Concerns about overvaluation and the emergence of new COVID-19 variants have since hit the market, and these risks remain an important factor for investors. About 29% of investors surveyed considered coronavirus mutations to be the biggest risk to markets, while 28% cited a correction in expensive equity sectors, according to JPMorgan. About one-fifth of respondents cited rising returns and stronger inflation as a major risk.

Only 13% of investors expressed concern that the central bank was declining. The Federal Reserve has announced that it will not slow down the pace of its asset purchases until the US economy makes “significant further progress” towards reaching inflation above 2% and maximum employment. At present, the Fed continues to buy at least $ 80 billion in Treasuries and $ 40 billion in secured mortgages each month.

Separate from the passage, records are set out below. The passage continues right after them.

(* Let $D$ be a locatable digraph of order $n$ with $\gamma_{OL}(D)=n$. Then $\mathcal{H}(D)$ is a disjoint union of rooted directed trees, such that for each root $r$ of one of these trees, $f^-(r)$ is domination-forced in $D$ (and thus $r$ has only one in-neighbour in $D$), and for each other vertex $v$, $f^-(v)$ is location-forced in $D$ (and $v$ has an in-neighbour in $\mathcal{H}(D)$).
   Context: Digraphs are finite and may contain loops; between two distinct vertices there may be arcs in one or both directions, no repeated arcs. $N^-(v)=\{u: uv\text{ is an arc}\}$ (contains $v$ iff $v$ has a loop). An OLD set of $D$ is a set $S\subseteq V(D)$ such that every vertex has an in-neighbour in $S$ and for every two distinct vertices $u,w$ some vertex of $S$ lies in exactly one of $N^-(u),N^-(w)$. $D$ is locatable if it has an OLD set, and then $\gamma_{OL}(D)$ is the minimum size of an OLD set. A vertex $v$ is domination-forced if some vertex $w$ has $N^-(w)=\{v\}$; it is location-forced if there are distinct vertices $x,y$ with $N^-(x)\ominus N^-(y)=\{v\}$ ($\ominus$ = symmetric difference). An arc $xy$ (possibly a loop) is forcing if $N^-(y)=\{x\}$ or there is a vertex $z$ with $N^-(z)=N^-(y)\setminus\{x\}$. In a locatable digraph $D$ of order $n$ with $\gamma_{OL}(D)=n$, every vertex $v$ is the head of exactly one forcing arc; $f^-(v)$ denotes its tail (so $f^-(v)=v$ if $v$ has a forcing loop). $\mathcal{H}(D)$ is the digraph on vertex set $V(D)$ with an arc from $x$ to $y$ if and only if there exists a location-forced vertex $v$ of $D$ with $N^-(x)=N^-(y)\setminus\{v\}$. A rooted directed tree is a digraph without loops and directed 2-cycles whose underlying undirected graph is a tree, with a single source (the root) and every arc oriented away from the root; a single vertex is allowed. *)

From mathcomp Require Import all_boot.
Set Implicit Arguments. Unset Strict Implicit. Unset Printing Implicit Defensive.

(* A digraph is a finite vertex type V with an arc relation [arc : rel V];
   [arc u v] means uv is an arc. Loops allowed (arc v v), no multi-arcs. *)
Section Digraphs.
Variables (V : finType) (arc : rel V).

Definition Nin (v : V) : {set V} := [set u | arc u v].

Definition symdiff (A B : {set V}) : {set V} := (A :\: B) :|: (B :\: A).

Definition is_OLD (S : {set V}) : bool :=
  [forall v, [exists u in S, u \in Nin v]] &&
  [forall u, forall w, (u != w) ==> [exists s in S, (s \in Nin u) != (s \in Nin w)]].

Definition locatable : Prop := exists S, is_OLD S.

(* minimum size of an OLD set (meaningful when locatable) *)
Definition gamma_OL : nat := \big[minn/#|V|]_(S : {set V} | is_OLD S) #|S|.

Definition dom_forced (v : V) : bool := [exists w, Nin w == [set v]].

Definition loc_forced (v : V) : bool :=
  [exists x, exists y, (x != y) && (symdiff (Nin x) (Nin y) == [set v])].

Definition forcing (x y : V) : bool :=
  arc x y && ((Nin y == [set x]) || [exists z, Nin z == Nin y :\ x]).

(* f^-(v): the tail of the (unique, when gamma_OL = n) forcing arc with head v *)
Definition fminus (v : V) : V := odflt v [pick x | forcing x v].

Definition Harc (x y : V) : bool :=
  [exists v, [&& loc_forced v, v \in Nin y & Nin x == Nin y :\ v]].

End Digraphs.

Section Trees.
Variables (V : finType) (h : rel V).

Definition uadj : rel V := fun a b => (a != b) && (h a b || h b a).

Definition wcomp (x : V) : {set V} := [set y | connect (fun a b => h a b || h b a) x y].

Definition rooted_dtree (C : {set V}) (r : V) : Prop :=
  r \in C /\
  (forall x, x \in C -> ~~ h x x) /\
  (forall x y, x \in C -> y \in C -> ~~ (h x y && h y x)) /\
  (forall x y, x \in C -> y \in C ->
      connect (fun a b => [&& a \in C, b \in C & uadj a b]) x y) /\
  (~ exists p : seq V, [/\ uniq p, 3 <= size p, all (mem C) p & cycle uadj p]) /\
  (forall s, s \in C -> ((forall x, x \in C -> ~~ h x s) <-> s = r)) /\
  (forall v, v \in C -> connect (fun a b => [&& a \in C, b \in C & h a b]) r v).

Definition forest_of_rooted_trees : Prop :=
  forall x, exists r, rooted_dtree (wcomp x) r.

End Trees.

From mathcomp Require Import all_boot.
Set Implicit Arguments. Unset Strict Implicit. Unset Printing Implicit Defensive.

(* If gamma_OL(D) = n, deleting any vertex x from V destroys the OLD property, so x is
   domination- or location-forced, i.e. x is the tail of a forcing arc xy.  Such an arc makes x
   removable from N^-(y) within the family of the n + 1 sets N^-(v) and the empty set, in which
   every vertex is removable from some member.  In such a family no member has two removable
   elements: deleting a third vertex z from every member merges some member with itself minus z,
   so the family shrinks together with the ground set and one can induct.  Hence every vertex is
   the head of exactly one forcing arc, and an arc xy of H(D), for which
   N^-(x) = N^-(y) \ f^-(y), is determined by y and increases |N^-|.  A relation graded in this
   way with in-degree at most one is a disjoint union of rooted trees whose roots are its
   sources. *)

Lemma connect_split_last (T : finType) (e : rel T) a v :
  connect e a v -> a = v \/ exists2 p, connect e a p & e p v.
Proof.
case/connectP => p; elim/last_ind: p => [|p w _] /=; first by move=> _ ->; left.
rewrite rcons_path last_rcons => /andP[pp ew] ->; right; exists (last a p) => //.
by apply/connectP; exists p.
Qed.

Lemma connect_restrict (T : finType) (e : rel T) (C : {set T}) a b :
  (forall x y, x \in C -> e x y -> y \in C) -> a \in C -> connect e a b ->
  connect (fun x y => [&& x \in C, y \in C & e x y]) a b.
Proof.
move=> closedC aC /connectP[p + ->]; elim: p a aC => [|c p IH] a aC //= /andP[eac pc].
have cC := closedC a c aC eac.
by apply: connect_trans (IH c cC pc); apply: connect1; rewrite aC cC eac.
Qed.

Section GradedInForest.
Variables (T : finType) (h : rel T) (rank : T -> nat).
Hypothesis rank_lt : forall x y, h x y -> rank x < rank y.
Hypothesis in_uniq : forall a b y, h a y -> h b y -> a = b.

Definition source r := [forall y, ~~ h y r].

Lemma exists_source v : exists2 r, source r & connect h r v.
Proof.
have [n] := ubnP (rank v); elim: n v => // n IH v /ltnSE le_vn.
have [src_v|/forallPn[y /negPn hyv]] := boolP (source v); first by exists v.
have [|r src_r cry] := IH y; first exact: leq_trans (rank_lt hyv) le_vn.
by exists r => //; apply: connect_trans cry (connect1 hyv).
Qed.

Lemma source_connect_uniq a b v :
  source a -> source b -> connect h a v -> connect h b v -> a = b.
Proof.
have [n] := ubnP (rank v); elim: n a b v => // n IH a b v /ltnSE le_vn src_a src_b.
case/connect_split_last => [eav|[p cap hpv]]; case/connect_split_last => [ebv|[q cbq hqv]].
- by rewrite eav ebv.
- by have := forallP src_a q; rewrite eav hqv.
- by have := forallP src_b p; rewrite ebv hpv.
- move: cbq; rewrite -(in_uniq hpv hqv) => cbp.
  exact: IH (leq_trans (rank_lt hpv) le_vn) src_a src_b cap cbp.
Qed.

Definition root v := odflt v [pick r | source r && connect h r v].

Lemma rootP v : source (root v) /\ connect h (root v) v.
Proof.
rewrite /root; case: pickP => [r /andP[] //|none].
by have [r src_r crv] := exists_source v; have := none r; rewrite src_r crv.
Qed.

Lemma root_uniq r v : source r -> connect h r v -> root v = r.
Proof.
move=> src_r crv; have [src_root croot] := rootP v.
exact: source_connect_uniq src_root src_r croot crv.
Qed.

Lemma root_wcomp x y : y \in wcomp h x -> root y = root x.
Proof.
rewrite inE => /connectP[p + ->]; elim: p x => [|z p IH] x //= /andP[hxz pz].
rewrite IH //; case/orP: hxz => [hxz|hzx].
- have [src_x cx] := rootP x.
  exact: root_uniq src_x (connect_trans cx (connect1 hxz)).
- have [src_z cz] := rootP z.
  exact/esym/(root_uniq src_z)/(connect_trans cz (connect1 hzx)).
Qed.

Lemma wcomp_closed x y z : y \in wcomp h x -> h y z || h z y -> z \in wcomp h x.
Proof. by rewrite !inE => cxy hyz; apply: connect_trans cxy (connect1 _). Qed.

Lemma root_in_wcomp x : root x \in wcomp h x.
Proof.
have [_ crx] := rootP x; rewrite inE sym_connect_sym => [|a b]; last by rewrite orbC.
by apply: connect_sub crx => a b hab; apply: connect1; rewrite hab.
Qed.

Lemma connect_root_wcomp x y : y \in wcomp h x ->
  connect (fun a b => [&& a \in wcomp h x, b \in wcomp h x & h a b]) (root x) y.
Proof.
move=> yC; have rC := root_in_wcomp x; rewrite -(root_wcomp yC) in rC *.
apply: connect_restrict rC (rootP y).2 => a b aC hab.
by apply: wcomp_closed aC _; rewrite hab.
Qed.

Lemma no_loop x : ~~ h x x.
Proof. by apply/negP => /rank_lt; rewrite ltnn. Qed.

Lemma no_2cycle x y : ~~ (h x y && h y x).
Proof.
by apply/negP => /andP[/rank_lt lt_xy /rank_lt lt_yx]; have := ltn_trans lt_xy lt_yx; rewrite ltnn.
Qed.

Lemma no_uadj_cycle p : uniq p -> 2 < size p -> ~~ cycle (uadj h) p.
Proof.
case: p => [|x0 p0] // uniq_p size_p; set p := x0 :: p0.
have [m mp max_m] := @arg_maxnP _ x0 (mem p) rank (mem_head x0 p0).
have [i q rot_m] := rot_to mp.
rewrite -(rot_cycle i) rot_m; apply/negP.
have le_m v : v \in m :: q -> rank v <= rank m by rewrite -rot_m mem_rot => /max_m.
have : uniq (m :: q) by rewrite -rot_m rot_uniq.
have : 2 < size (m :: q) by rewrite -rot_m size_rot.
case: q le_m {rot_m} => [|a [|c q]] //= le_m _ /andP[_ /andP[aNq _]].
rewrite rcons_path => /and4P[/andP[_ uadj_ma] _ _ /andP[_ uadj_bm]].
set b := last c q in uadj_bm.
have bq : b \in [:: m, a, c & q] by rewrite 2!in_cons /b mem_last !orbT.
have aq : a \in [:: m, a, c & q] by rewrite !inE eqxx orbT.
have [hma|ham] := orP uadj_ma; first by have := le_m a aq; rewrite leqNgt rank_lt.
have [hbm|hmb] := orP uadj_bm; last by have := le_m b bq; rewrite leqNgt rank_lt.
by move: aNq; rewrite (in_uniq ham hbm) /b mem_last.
Qed.

Lemma rooted_dtree_root x : rooted_dtree h (wcomp h x) (root x).
Proof.
set C := wcomp h x.
have reach_root := @connect_root_wcomp x.
have ureach_root y : y \in C ->
    connect (fun a b => [&& a \in C, b \in C & uadj h a b]) (root x) y.
  move=> yC; apply: connect_sub (reach_root y yC) => a b /and3P[aC bC hab].
  apply: connect1; rewrite aC bC /uadj hab andbT.
  by apply: contraTneq hab => ->; apply: no_loop.
have usym : symmetric (fun a b => [&& a \in C, b \in C & uadj h a b]).
  by move=> a b; rewrite /uadj eq_sym orbC; case: (a \in C); case: (b \in C).
split; first exact: root_in_wcomp.
split; first by move=> y _; apply: no_loop.
split; first by move=> y z _ _; apply: no_2cycle.
split.
  move=> y z yC zC; apply: connect_trans (ureach_root z zC).
  by rewrite sym_connect_sym //; apply: ureach_root.
split; first by case=> p [uniq_p size_p _]; apply/negP/no_uadj_cycle.
split=> // s sC; split=> [noin_s|->]; last by move=> y _; apply: (forallP (rootP x).1).
have src_s : source s.
  apply/forallP => y; apply/negP => hys.
  have yC : y \in C by apply: wcomp_closed sC _; rewrite hys orbT.
  by have := noin_s y yC; rewrite hys.
by rewrite -(root_wcomp sC); symmetry; apply: root_uniq src_s (connect0 _ _).
Qed.

Lemma graded_forest_of_rooted_trees : forest_of_rooted_trees h.
Proof. by move=> x; exists (root x); apply: rooted_dtree_root. Qed.

Lemma rooted_dtree_wcompP v : rooted_dtree h (wcomp h v) v <-> source v.
Proof.
have vC : v \in wcomp h v by rewrite inE connect0.
split=> [[_ [_ [_ [_ [_ [src_C _]]]]]]|src_v].
  apply/forallP => y; apply/negP => hyv.
  have yC : y \in wcomp h v by apply: wcomp_closed vC _; rewrite hyv orbT.
  by have := (src_C v vC).2 erefl y yC; rewrite hyv.
by rewrite -{2}(root_uniq src_v (connect0 _ v)); apply: rooted_dtree_root.
Qed.

End GradedInForest.

Section Removable.
Variable T : finType.
Implicit Types (F : {set {set T}}) (A B X : {set T}).

Definition removable F A x := [&& A \in F, x \in A & A :\ x \in F].

Lemma removable_setD1 F A y z : y != z -> removable F A y ->
  removable [set B :\ z | B in F] (A :\ z) y.
Proof.
move=> yz /and3P[AF yA AyF].
have imF B : B \in F -> B :\ z \in [set B :\ z | B in F] by move=> BF; apply/imsetP; exists B.
by rewrite /removable imF //= !inE yz yA setDDl setUC -setDDl imF.
Qed.

Lemma card_setD1_imset_lt F A z : removable F A z -> #|[set B :\ z | B in F]| < #|F|.
Proof.
case/and3P=> AF zA AzF; rewrite ltn_neqAle leq_imset_card andbT.
apply: contraL zA => /imset_injP inj_z; rewrite (inj_z A (A :\ z)) ?setD11 //.
by rewrite setDDl setUid.
Qed.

A recession scenario was the least feared market risk and received only 9% of investors’ votes.

Almost 60% of investors thought that cryptocurrencies were in a bubble. Bitcoin had just fallen from peaks of almost $ 40,000 at the time of the conference and is now trading close to $ 52,000.

Only 11% of investors said they trade in cryptocurrencies, and of those who said they do not, 22% plan to start. A majority of respondents said they believe cryptocurrencies are “here to stay.” More than three quarters of respondents expect tighter regulation of the cryptocurrency market, and almost all investors believe that fraud is either something or very common in space.

Electric cars and green tech stocks were seen as a bubble by 29% of investors surveyed, according to JPMorgan. Only 3% of investors saw bond proxies trading in bubble territory despite the fact that returns were close to record lows.

Almost half of the survey respondents see that ESG funds receive the largest inflows, while risk parity strategies are expected to see the largest outflows. About 84% of investors expect earnings growth to continue when the economy reopens and sick sectors recover.